もちろん、ご本人の意思を尊重していますので、あくまで目安です。しかし目安を知っておくだけでも、みなさん「もう少し頑張ってみようかな」という気になるようです。

体外受精へのステップアップ

一般不妊治療で妊娠しない場合、体外受精にステップアップすべきでしょうか?
蔵本先生 体外受精をすると、夫婦間で受精するかどうかが判明しますし、妊娠の確率が人工授精の4〜5倍に上がりますので、ある程度一般不妊治療をしても妊娠しない場合は、体外受精へのステップアップを考えられるといいでしょう。
ただし、体外受精に関しても、ご夫婦お二人のしっかりとした理解が必要です。
当院では、一般不妊治療から体外受精へとステップアップする場合、再度、医師と体外受精コーディネーターによる高度生殖医療(ART)の説明会を行っています。
また別に個別説明も行っています。

最初から、体外受精というケース

場合によっては、いきなり体外受精、ということもありえるのでしょうか?

蔵本先生 精子の数がゼロに近い場合や、卵管が詰まっている場合などは、卵管鏡下卵管形成術をご希望でない方には、一般不妊治療を飛び越えて、体外受精から始めることもあります。
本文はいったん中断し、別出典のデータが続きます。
Lemma ge0_cc_of_gt0_co (g : R -> R) t1 : continuous g -> 0 < t1 ->
  (forall t, 0 <= t < t1 -> 0 < g t) -> forall t, 0 <= t <= t1 -> 0 <= g t.
Proof.
move=> gc t10 gpos t /andP[t0 tt1]; have [tlt|t1t] := ltP t t1.
  by apply/ltW/gpos; rewrite t0.
have -> : t = t1 by lra.
apply: (@closed_cvg _ _ t1^'- _ g _ (@closed_ge R 0)) (cvg_at_left_filter (gc t1)).
near=> x; apply/ltW/gpos; apply/andP; split.
- by near: x; exact: nbhs_left_ge.
- by near: x; exact: nbhs_left_lt.
Unshelve. all: by end_near.
Qed.

Lemma continuous_induction_gt0 (g : R -> R) T : continuous g ->
  (forall t1, 0 <= t1 <= T -> (forall t, 0 <= t < t1 -> 0 < g t) -> 0 < g t1) ->
  forall t, 0 <= t <= T -> 0 < g t.
Proof.
move=> gc step t /andP[t0 tT]; rewrite ltNge; apply/negP => gt_le0.
pose A := [set r | forall x, 0 <= x <= r -> 0 < g x].
have A0 : A 0.
  move=> x x0; have -> : x = 0 by lra.
  by apply: step => [|y]; lra.
have At : ubound A t.
  move=> r Ar; rewrite leNgt; apply/negP => tr.
  by have := Ar t; lra.
have supA : has_sup A by split; [exists 0 | exists t].
have m0 : 0 <= sup A := sup_upper_bound supA A0.
have mt : sup A <= t by apply: ge_sup => //; exists 0.
have below x : 0 <= x < sup A -> 0 < g x.
  case/andP=> x0 xm; have [r Ar xr] := sup_adherent (eps := sup A - x) ltac:(lra) supA.
  by apply: Ar; lra.
have gm : 0 < g (sup A) by apply: step => //; lra.
have [d /= d0 gpos] := (nbhs_ballP _ _).1 (cvgr_gt _ (gc (sup A)) 0 gm).
have : A (sup A + d / 2).
  move=> x /andP[x0 xmd]; have [xm|mx] := ltP x (sup A); first by apply: below; lra.
  by apply: gpos; rewrite /ball /= ler0_norm; lra.
by move/(sup_upper_bound supA); lra.
Qed.

Lemma primitive_ext_gt0 (T x0 : R) (F : R -> R) (c t1 : R) :
  itv_integrable 0 T F -> 0 < c -> 0 < t1 -> t1 <= T ->
  (forall t, 0 <= t < t1 -> 0 < primitive_ext T x0 F t) ->
  (forall t, 0 <= t <= t1 -> - c * primitive_ext T x0 F t <= F t) ->
  0 < primitive_ext T x0 F t1.
Proof.
move=> iF c0 t10 t1T Xpos Fge; set X := primitive_ext T x0 F in Xpos Fge *.
(* If c (t1 - tau) <= 1/2 and r maximises X on [[tau, t1]], then
   X t1 >= X r - c X r (t1 - r) >= X r / 2 >= X tau / 2 > 0. *)
have [tau [tau0 taut1 ctau]] :
    exists tau, [/\ 0 <= tau, tau < t1 & c * (t1 - tau) <= 2^-1].
  have ck : c * (2 * c)^-1 = 2^-1 by field; lra.
  have [tk|kt] := lerP t1 (2 * c)^-1.
    by exists 0; split => //; rewrite subr0 -ck ler_pM2l.
  exists (t1 - (2 * c)^-1); split; [lra | | by rewrite subKr ck].
  by rewrite gtrBl invr_gt0; lra.
have Xc : continuous X by apply: continuous_primitive_ext; [lra | exact: iF].
have [r] := EVT_max (ltW taut1) (continuous_subspaceT Xc).
rewrite in_itv /= => /andP[taur rt1] Xmax.
have Xr : 0 < X r.
  apply: lt_le_trans (Xmax tau _); last by rewrite in_itv /= lexx ltW.
  by apply: Xpos; lra.
have : - c * X r * (t1 - r) <= itv_integral r t1 F.
  apply: ler_itv_integral_cst => //; first by apply: itv_integrableS iF; lra.
  move=> t rt; apply: le_trans (Fge t _); last lra.
  by rewrite !mulNr lerN2 ler_pM2l // Xmax // in_itv /=; lra.
have cr : c * (t1 - r) <= 2^-1 by nra.
rewrite /X (@primitive_ext_increment R T x0 F r t1) -/X //; nra.
Qed.

End positivity.

Section control_law.
Variable R : realFieldType.
Implicit Types A B a um v w x y m : R.

Definition control_part A B a v : R :=
  - (A * (1 - v) ^+ 2 + B * (1 - v)) - 2^-1 * a * v ^+ 2.

(* For [A >= 0] the vertex of the concave parabola [control_part A B a],
   clamped to [[0, um]]; for [A, B <= 0] the clamped value [0]. *)
Definition control_law um a A B : R :=
  Num.min um (Num.max 0 ((2 * A + B) / (2 * Num.max A 0 + a))).

Lemma control_partB A B a v w :
  control_part A B a v - control_part A B a w =
  (v - w) * ((2 * A + B) - (2 * A + a) * 2^-1 * (v + w)).
Proof. by rewrite /control_part; field. Qed.

Lemma control_part_lt_law_ge0 um a A B v : 0 < a -> 0 <= um ->
  0 <= A -> 0 <= B -> 0 <= v <= um -> v != control_law um a A B ->
  control_part A B a v < control_part A B a (control_law um a A B).
Proof.
move=> a0 um0 A0 B0 /andP[v0 vum]; rewrite /control_law (max_l A0).
have D0 : 0 < 2 * A + a by lra.
set q := (2 * A + B) / (2 * A + a).
have qE : 2 * A + B = q * (2 * A + a) by rewrite /q divfK // lt0r_neq0.
have q0 : 0 <= q by apply: divr_ge0; lra.
rewrite (max_r q0) -subr_lt0 control_partB qE.
have [qum|umq] := lerP q um.
  move=> vq; have : 0 < (v - q) ^+ 2 by rewrite exprn_even_gt0 // subr_eq0.
  by nra.
move=> v_neq_um; have v_lt_um : v < um by rewrite lt_neqAle v_neq_um vum.
have : 0 < (um - v) * (q - (v + um) / 2) by apply: mulr_gt0; lra.
by nra.
Qed.

Lemma control_part_lt_law_le0 um a A B v : 0 < a -> um < 1 ->
  A <= 0 -> B <= 0 -> 0 <= v <= um -> v != control_law um a A B ->
  control_part A B a v < control_part A B a (control_law um a A B).
Proof.
move=> a0 um1 A0 B0 /andP[v0 vum].
have q0 : (2 * A + B) / a <= 0 by rewrite ler_pdivrMr // mul0r; lra.
rewrite /control_law (max_r A0) mulr0 add0r (max_l q0) min_r; last lra.
rewrite -subr_lt0 control_partB => v0'.
have vp : 0 < v by rewrite lt_neqAle eq_sym v0' v0.
have : v * (A * (2 - v) + B) <= 0 by apply: mulr_ge0_le0; nra.
have : 0 < a * v ^+ 2 by apply: mulr_gt0; last exact: exprn_gt0.
by nra.
Qed.

Lemma control_law_unique_max um a x y m u0 : 0 < a -> 0 <= um < 1 ->
  0 <= x -> 0 <= y -> 0 <= u0 <= um ->
  (forall v, 0 <= v <= um ->
     control_part (x * m) (y * m) a v <= control_part (x * m) (y * m) a u0) ->
  u0 = control_law um a (x * m) (y * m).
Proof.
move=> a0 /andP[um0 um1] x0 y0 u0um u0max; apply/eqP/negPn/negP => u0law.
have lawum : 0 <= control_law um a (x * m) (y * m) <= um.
  rewrite /control_law; apply/andP; split; last by rewrite ge_min lexx.
  by rewrite le_min um0 le_max lexx.
have := u0max _ lawum; rewrite leNgt => /negP; apply.
have [m0|m0] := leP 0 m.
- by apply: control_part_lt_law_ge0 => //; exact: mulr_ge0.
- by apply: control_part_lt_law_le0 => //; apply: mulr_ge0_le0 => //; exact: ltW.
Qed.

End control_law.

Section feedback.
Variable R : realType.

Lemma continuous_control_law um a (A B : R -> R) :
  0 < a -> continuous A -> continuous B ->
  continuous (fun t => control_law um a (A t) (B t)).
Proof.
move=> a0 cA cB t.
have cst (k : R) : {for t, continuous (fun=> k)} by exact: cst_continuous.
have cAp : {for t, continuous (fun x => Num.max (A x) 0)} :=
  continuous_max (cA t) (cst 0).
have den_neq0 : 2 * Num.max (A t) 0 + a != 0.
  by rewrite lt0r_neq0 // ltr_wpDl // mulr_ge0 // le_max lexx orbT.
have cnum : {for t, continuous (fun x => 2 * A x + B x)} :=
  continuousD (continuousM (cst 2) (cA t)) (cB t).
have cden : {for t, continuous (fun x => 2 * Num.max (A x) 0 + a)} :=
  continuousD (continuousM (cst 2) cAp) (cst a).
have cq : {for t, continuous (fun x => (2 * A x + B x) / (2 * Num.max (A x) 0 + a))} :=
  continuousM cnum (@continuousV _ _ (fun x => 2 * Num.max (A x) 0 + a) t den_neq0 cden).
exact: continuous_min (cst um) (continuous_max (cst 0) cq).
Qed.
また、原因不明で一般不妊治療をしても妊娠しない場合、一度体外受精をしてみるのも……。

というのも、人工授精の場合、排卵したかどうかはわかりますが、卵管を通って受精したかどうかというのはわからないんです。

体外受精であれば受精するかどうかがわかるので、一度体外受精をされてみるのもいいと思います。

ただし、費用のこともありますので、無理にはおすすめしませんが。 いずれにしても、ご自身で納得し てからステップアップしていくことが大切ですね。病院側もなるべく、わかりやすくご説明するように心掛けています。